Below are the records; output them exactly from the first line through the line with "Definition gamma_dl (Au", stopping there.
§ §
(* Let $\mathsf{P}>0$, $A_{\mathsf{u},k}>0$, $\sigma_k^2>0$, $\mathsf{g}_k>0$ for $k\in\{1,2\}$, $k_0,\eta>0$, $\rho\in\mathbb{C}$ with $|\rho|<1$, $\overline{\rho}=1-|\rho|^2$. Let $\widetilde{\gamma}_{\mathsf{dl},k}(x)=\frac{A_{\mathsf{u},k}k_0^2\eta^2}{4\pi\sigma_k^2}x$ and $$\mathsf{C}_{\mathsf{dl}}=\max_{\mathsf{P}_1,\mathsf{P}_2\ge0,\ \mathsf{P}_1+\mathsf{P}_2\le\mathsf{P}}\log_2\big(1+\widetilde{\gamma}_{\mathsf{dl},1}(\mathsf{P}_1)\mathsf{g}_1+\widetilde{\gamma}_{\mathsf{dl},2}(\mathsf{P}_2)\mathsf{g}_2+\widetilde{\gamma}_{\mathsf{dl},1}(\mathsf{P}_1)\widetilde{\gamma}_{\mathsf{dl},2}(\mathsf{P}_2)\mathsf{g}_1\mathsf{g}_2\overline{\rho}\big).$$ Let $\xi=\dfrac{A_{\mathsf{u},1}\mathsf{g}_1/\sigma_1^2-A_{\mathsf{u},2}\mathsf{g}_2/\sigma_2^2}{A_{\mathsf{u},1}A_{\mathsf{u},2}k_0^2\eta^2\mathsf{g}_1\mathsf{g}_2\overline{\rho}/(4\pi\sigma_1^2\sigma_2^2)}$, $\varepsilon_1=\widetilde{\gamma}_{\mathsf{dl},1}\big(\tfrac{\mathsf{P}+\xi}{2}\big)\mathsf{g}_1$ and $\varepsilon_2=\widetilde{\gamma}_{\mathsf{dl},2}\big(\tfrac{\mathsf{P}-\xi}{2}\big)\mathsf{g}_2$. Then $$\mathsf{C}_{\mathsf{dl}}=\begin{cases}\log_2(1+\widetilde{\gamma}_{\mathsf{dl},1}(\mathsf{P})\mathsf{g}_1)&\xi\ge\mathsf{P},\\\log_2(1+\widetilde{\gamma}_{\mathsf{dl},2}(\mathsf{P})\mathsf{g}_2)&\xi\le-\mathsf{P},\\\log_2(1+\varepsilon_1+\varepsilon_2+\varepsilon_1\varepsilon_2\overline{\rho})&\text{otherwise}.\end{cases}$$
   Context: In the paper, the maximum defining $\mathsf{C}_{\mathsf{dl}}$ is the sum-rate capacity of the dual uplink channel, which by uplink–downlink duality equals the sum-rate capacity of the two-user downlink channel from a continuous-aperture array $\mathcal{A}$; here $\mathsf{g}_k=\int_{\mathcal{A}}|\mathsf{G}_k|^2$ are the users' channel gains and $\rho=\int_{\mathcal{A}}\mathsf{G}_1^*\mathsf{G}_2/\sqrt{\mathsf{g}_1\mathsf{g}_2}$ their channel correlation factor. *)

From Stdlib Require Import Reals.
From Coquelicot Require Import Coquelicot.
Open Scope R_scope.

Definition log2 (x : R) : R := ln x / ln 2.

(* gamma~_{dl,k}(x) = A_{u,k} k0^2 eta^2 / (4 pi sigma_k^2) * x ; s2 stands for sigma_k^2 *)
Definition gamma_dl (Au k0 eta s2 x : R) : R :=
  Au * k0 ^ 2 * eta ^ 2 / (4 * PI * s2) * x.

Definition is_max_value {T : Type} (S : T -> Prop) (f : T -> R) (v : R) : Prop :=
  (exists p, S p /\ f p = v) /\ (forall p, S p -> f p <= v).

(** With [a = gt1(1) g1], [b = gt2(1) g2] and [r = rhob], the argument of the
    logarithm is [f t u = 1 + a t + b u + a b r t u].  It is increasing in [u],
    so the maximum lies on the budget line [u = P - t], where [f] is a concave
    quadratic in [t] with vertex [t = (P + xi)/2], since [xi = (a - b)/(a b r)].
    If the vertex lies in [[0, P]] it is the maximiser; otherwise the quadratic
    is monotone on [[0, P]] and the maximum is at the endpoint [t = P]
    (when [xi >= P]) or [t = 0] (when [xi <= -P]). *)

From Stdlib Require Import Reals Lra Psatz.
From Coquelicot Require Import Coquelicot.
Open Scope R_scope.

Lemma log2_le (x y : R) : 0 < x -> x <= y -> log2 x <= log2 y.
Proof.
intros Hx Hxy; unfold log2, Rdiv.
apply Rmult_le_compat_r; [|exact (ln_le x y Hx Hxy)].
left; apply Rinv_0_lt_compat; rewrite <- ln_1; apply ln_increasing; lra.
Qed.

Lemma is_max_value_log2 {T : Type} (S : T -> Prop) (f : T -> R) (v : R) :
  (forall p, S p -> 0 < f p) ->
  is_max_value S f v -> is_max_value S (fun p => log2 (f p)) (log2 v).
Proof.
intros Hpos [[p [Sp <-]] Hle]; split.
- exists p; split; trivial.
- intros q Sq; apply log2_le; auto.
Qed.

Lemma is_max_value_ext {T : Type} (S : T -> Prop) (f g : T -> R) (v w : R) :
  is_max_value S f v ->
  (forall p, S p -> f p = g p) -> v = w -> is_max_value S g w.
Proof.
intros [[p [Sp <-]] Hle] Hfg <-; split.
- exists p; split; [exact Sp | symmetry; exact (Hfg p Sp)].
- intros q Sq; rewrite <- (Hfg q Sq); exact (Hle q Sq).
Qed.

Definition power_budget (P : R) (p : R * R) : Prop :=
  0 <= fst p /\ 0 <= snd p /\ fst p + snd p <= P.

Definition sum_rate_arg (a b r t u : R) : R := 1 + a * t + b * u + a * t * (b * u) * r.

Section SumRateArg.

Variables a b r : R.
Hypotheses (Ha : 0 < a) (Hb : 0 < b) (Hr : 0 < r).

Let Habr : 0 < a * b * r.
Proof. apply Rmult_lt_0_compat; [apply Rmult_lt_0_compat|]; assumption. Qed.

Lemma sum_rate_arg_pos (t u : R) : 0 <= t -> 0 <= u -> 0 < sum_rate_arg a b r t u.
Proof.
intros Ht Hu; unfold sum_rate_arg.
assert (0 <= a * t) by nra.
assert (0 <= b * u) by nra.
assert (0 <= a * t * (b * u) * r) by (apply Rmult_le_pos; [apply Rmult_le_pos|]; lra).
lra.
Qed.

Lemma sum_rate_arg_le_budget_line (P t u : R) :
  0 <= t -> t + u <= P -> sum_rate_arg a b r t u <= sum_rate_arg a b r t (P - t).
Proof.
intros Ht Htu; unfold sum_rate_arg.
assert (0 <= (P - t - u) * (b + a * t * b * r)).
{ apply Rmult_le_pos; [lra|]. assert (0 <= a * t * b * r) by nra. lra. }
nra.
Qed.

Variables P xi : R.
Hypothesis HP : 0 <= P.
Hypothesis Hxi : xi * (a * b * r) = a - b.

Lemma sum_rate_arg_budget_line_le_left (t : R) :
  0 <= t <= P -> P <= xi -> sum_rate_arg a b r t (P - t) <= sum_rate_arg a b r P 0.
Proof.
intros Ht HPxi.
assert (0 <= (P - t) * (a * b * r * (xi - t))) by (apply Rmult_le_pos; nra).
unfold sum_rate_arg; nra.
Qed.

Lemma sum_rate_arg_budget_line_le_right (t : R) :
  0 <= t <= P -> xi <= - P -> sum_rate_arg a b r t (P - t) <= sum_rate_arg a b r 0 P.
Proof.
intros Ht HPxi.
assert (0 <= t * (a * b * r * (t - xi - P))) by (apply Rmult_le_pos; nra).
unfold sum_rate_arg; nra.
Qed.

Lemma sum_rate_arg_budget_line_vertex (t : R) :
  sum_rate_arg a b r t (P - t) + a * b * r * (t - (P + xi) / 2) ^ 2
  = sum_rate_arg a b r ((P + xi) / 2) ((P - xi) / 2).
Proof.
unfold sum_rate_arg; apply Rminus_diag_uniq.
transitivity ((a - b - xi * (a * b * r)) * (t - (P + xi) / 2)); [field | rewrite Hxi; ring].
Qed.

Lemma sum_rate_arg_budget_line_le_vertex (t : R) :
  sum_rate_arg a b r t (P - t) <= sum_rate_arg a b r ((P + xi) / 2) ((P - xi) / 2).
Proof.
rewrite <- (sum_rate_arg_budget_line_vertex t).
assert (0 <= a * b * r * (t - (P + xi) / 2) ^ 2)
  by (apply Rmult_le_pos; [exact (Rlt_le _ _ Habr) | apply pow2_ge_0]).
lra.
Qed.

Lemma sum_rate_arg_max :
  is_max_value (power_budget P) (fun p => sum_rate_arg a b r (fst p) (snd p))
    (if Rle_dec P xi then sum_rate_arg a b r P 0
     else if Rle_dec xi (- P) then sum_rate_arg a b r 0 P
     else sum_rate_arg a b r ((P + xi) / 2) ((P - xi) / 2)).
Proof.
assert (Hline : forall t u, power_budget P (t, u) ->
          0 <= t <= P /\ sum_rate_arg a b r t u <= sum_rate_arg a b r t (P - t)).
{ intros t u [Ht [Hu Htu]]; simpl in Ht, Hu, Htu.
  split; [lra | exact (sum_rate_arg_le_budget_line P t u Ht Htu)]. }
destruct (Rle_dec P xi) as [H1|H1]; [|destruct (Rle_dec xi (- P)) as [H2|H2]]; split.
- exists (P, 0); split; [red; simpl; lra | reflexivity].
- intros [t u] [Ht Hle]%Hline; simpl.
  apply (Rle_trans _ _ _ Hle), sum_rate_arg_budget_line_le_left; assumption.
- exists (0, P); split; [red; simpl; lra | reflexivity].
- intros [t u] [Ht Hle]%Hline; simpl.
  apply (Rle_trans _ _ _ Hle), sum_rate_arg_budget_line_le_right; assumption.
- exists ((P + xi) / 2, (P - xi) / 2); split; [red; simpl; lra | reflexivity].
- intros [t u] [Ht Hle]%Hline; simpl.
  apply (Rle_trans _ _ _ Hle), sum_rate_arg_budget_line_le_vertex.
Qed.

End SumRateArg.

Lemma gamma_dl_pos_slope (Au k0 eta s2 : R) :
  0 < Au -> 0 < s2 -> 0 < k0 -> 0 < eta -> 0 < gamma_dl Au k0 eta s2 1.
Proof.
intros HA Hs Hk He; unfold gamma_dl.
assert (Hpi := PI_RGT_0).
assert (0 < 4 * PI * s2) by nra.
assert (0 < Au * k0 ^ 2 * eta ^ 2) by (repeat apply Rmult_lt_0_compat; try apply pow_lt; lra).
rewrite Rmult_1_r; apply Rdiv_lt_0_compat; assumption.
Qed.

Theorem theorem5 (P Au1 Au2 s1 s2 g1 g2 k0 eta : R) (rho : C) :
  0 < P -> 0 < Au1 -> 0 < Au2 -> 0 < s1 -> 0 < s2 -> 0 < g1 -> 0 < g2 ->
  0 < k0 -> 0 < eta -> Cmod rho < 1 ->
  let rhob := 1 - Cmod rho ^ 2 in
  let gt1 := gamma_dl Au1 k0 eta s1 in
  let gt2 := gamma_dl Au2 k0 eta s2 in
  let feasible := fun p : R * R => 0 <= fst p /\ 0 <= snd p /\ fst p + snd p <= P in
  let obj := fun p : R * R =>
    log2 (1 + gt1 (fst p) * g1 + gt2 (snd p) * g2
            + gt1 (fst p) * gt2 (snd p) * g1 * g2 * rhob) in
  let xi := (Au1 * g1 / s1 - Au2 * g2 / s2)
            / (Au1 * Au2 * k0 ^ 2 * eta ^ 2 * g1 * g2 * rhob / (4 * PI * s1 * s2)) in
  let eps1 := gt1 ((P + xi) / 2) * g1 in
  let eps2 := gt2 ((P - xi) / 2) * g2 in
  is_max_value feasible obj
    (if Rle_dec P xi then log2 (1 + gt1 P * g1)
     else if Rle_dec xi (- P) then log2 (1 + gt2 P * g2)
     else log2 (1 + eps1 + eps2 + eps1 * eps2 * rhob)).
Proof.
intros HP HA1 HA2 Hs1 Hs2 Hg1 Hg2 Hk He Hrho rhob gt1 gt2 feasible obj xi eps1 eps2.
set (a := gt1 1 * g1); set (b := gt2 1 * g2).
assert (Ha : 0 < a) by (apply Rmult_lt_0_compat; [apply gamma_dl_pos_slope|]; assumption).
assert (Hb : 0 < b) by (apply Rmult_lt_0_compat; [apply gamma_dl_pos_slope|]; assumption).
assert (Hr : 0 < rhob) by (pose proof (Cmod_ge_0 rho); unfold rhob; nra).
assert (Hxi : xi * (a * b * rhob) = a - b).
{ assert (Hpi := PI_RGT_0).
  assert (0 < Au1 * Au2 * k0 ^ 2 * eta ^ 2 * g1 * g2 * rhob)
    by (repeat apply Rmult_lt_0_compat; try apply pow_lt; lra).
  unfold xi, a, b, gt1, gt2, gamma_dl; field; repeat split; lra. }
assert (Hmax := sum_rate_arg_max a b rhob Ha Hb Hr P xi (Rlt_le _ _ HP) Hxi).
apply is_max_value_log2 in Hmax;
  [|intros [t u] [Ht [Hu _]]; apply sum_rate_arg_pos; assumption].
apply (is_max_value_ext _ _ _ _ _ Hmax).
- intros p _; unfold obj, sum_rate_arg, a, b, gt1, gt2, gamma_dl.
  f_equal; ring.
- unfold eps1, eps2, sum_rate_arg, a, b, gt1, gt2, gamma_dl.
  destruct (Rle_dec P xi); [|destruct (Rle_dec xi (- P))]; f_equal; ring.
Qed.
§ §
- _OUTPUT_:
(* Let $\mathsf{P}>0$, $A_{\mathsf{u},k}>0$, $\sigma_k^2>0$, $\mathsf{g}_k>0$ for $k\in\{1,2\}$, $k_0,\eta>0$, $\rho\in\mathbb{C}$ with $|\rho|<1$, $\overline{\rho}=1-|\rho|^2$. Let $\widetilde{\gamma}_{\mathsf{dl},k}(x)=\frac{A_{\mathsf{u},k}k_0^2\eta^2}{4\pi\sigma_k^2}x$ and $$\mathsf{C}_{\mathsf{dl}}=\max_{\mathsf{P}_1,\mathsf{P}_2\ge0,\ \mathsf{P}_1+\mathsf{P}_2\le\mathsf{P}}\log_2\big(1+\widetilde{\gamma}_{\mathsf{dl},1}(\mathsf{P}_1)\mathsf{g}_1+\widetilde{\gamma}_{\mathsf{dl},2}(\mathsf{P}_2)\mathsf{g}_2+\widetilde{\gamma}_{\mathsf{dl},1}(\mathsf{P}_1)\widetilde{\gamma}_{\mathsf{dl},2}(\mathsf{P}_2)\mathsf{g}_1\mathsf{g}_2\overline{\rho}\big).$$ Let $\xi=\dfrac{A_{\mathsf{u},1}\mathsf{g}_1/\sigma_1^2-A_{\mathsf{u},2}\mathsf{g}_2/\sigma_2^2}{A_{\mathsf{u},1}A_{\mathsf{u},2}k_0^2\eta^2\mathsf{g}_1\mathsf{g}_2\overline{\rho}/(4\pi\sigma_1^2\sigma_2^2)}$, $\varepsilon_1=\widetilde{\gamma}_{\mathsf{dl},1}\big(\tfrac{\mathsf{P}+\xi}{2}\big)\mathsf{g}_1$ and $\varepsilon_2=\widetilde{\gamma}_{\mathsf{dl},2}\big(\tfrac{\mathsf{P}-\xi}{2}\big)\mathsf{g}_2$. Then $$\mathsf{C}_{\mathsf{dl}}=\begin{cases}\log_2(1+\widetilde{\gamma}_{\mathsf{dl},1}(\mathsf{P})\mathsf{g}_1)&\xi\ge\mathsf{P},\\\log_2(1+\widetilde{\gamma}_{\mathsf{dl},2}(\mathsf{P})\mathsf{g}_2)&\xi\le-\mathsf{P},\\\log_2(1+\varepsilon_1+\varepsilon_2+\varepsilon_1\varepsilon_2\overline{\rho})&\text{otherwise}.\end{cases}$$
   Context: In the paper, the maximum defining $\mathsf{C}_{\mathsf{dl}}$ is the sum-rate capacity of the dual uplink channel, which by uplink–downlink duality equals the sum-rate capacity of the two-user downlink channel from a continuous-aperture array $\mathcal{A}$; here $\mathsf{g}_k=\int_{\mathcal{A}}|\mathsf{G}_k|^2$ are the users' channel gains and $\rho=\int_{\mathcal{A}}\mathsf{G}_1^*\mathsf{G}_2/\sqrt{\mathsf{g}_1\mathsf{g}_2}$ their channel correlation factor. *)

From Stdlib Require Import Reals.
From Coquelicot Require Import Coquelicot.
Open Scope R_scope.

Definition log2 (x : R) : R := ln x / ln 2.

(* gamma~_{dl,k}(x) = A_{u,k} k0^2 eta^2 / (4 pi sigma_k^2) * x ; s2 stands for sigma_k^2 *)
Definition gamma_dl (Au k0 eta s2 x : R) : R :=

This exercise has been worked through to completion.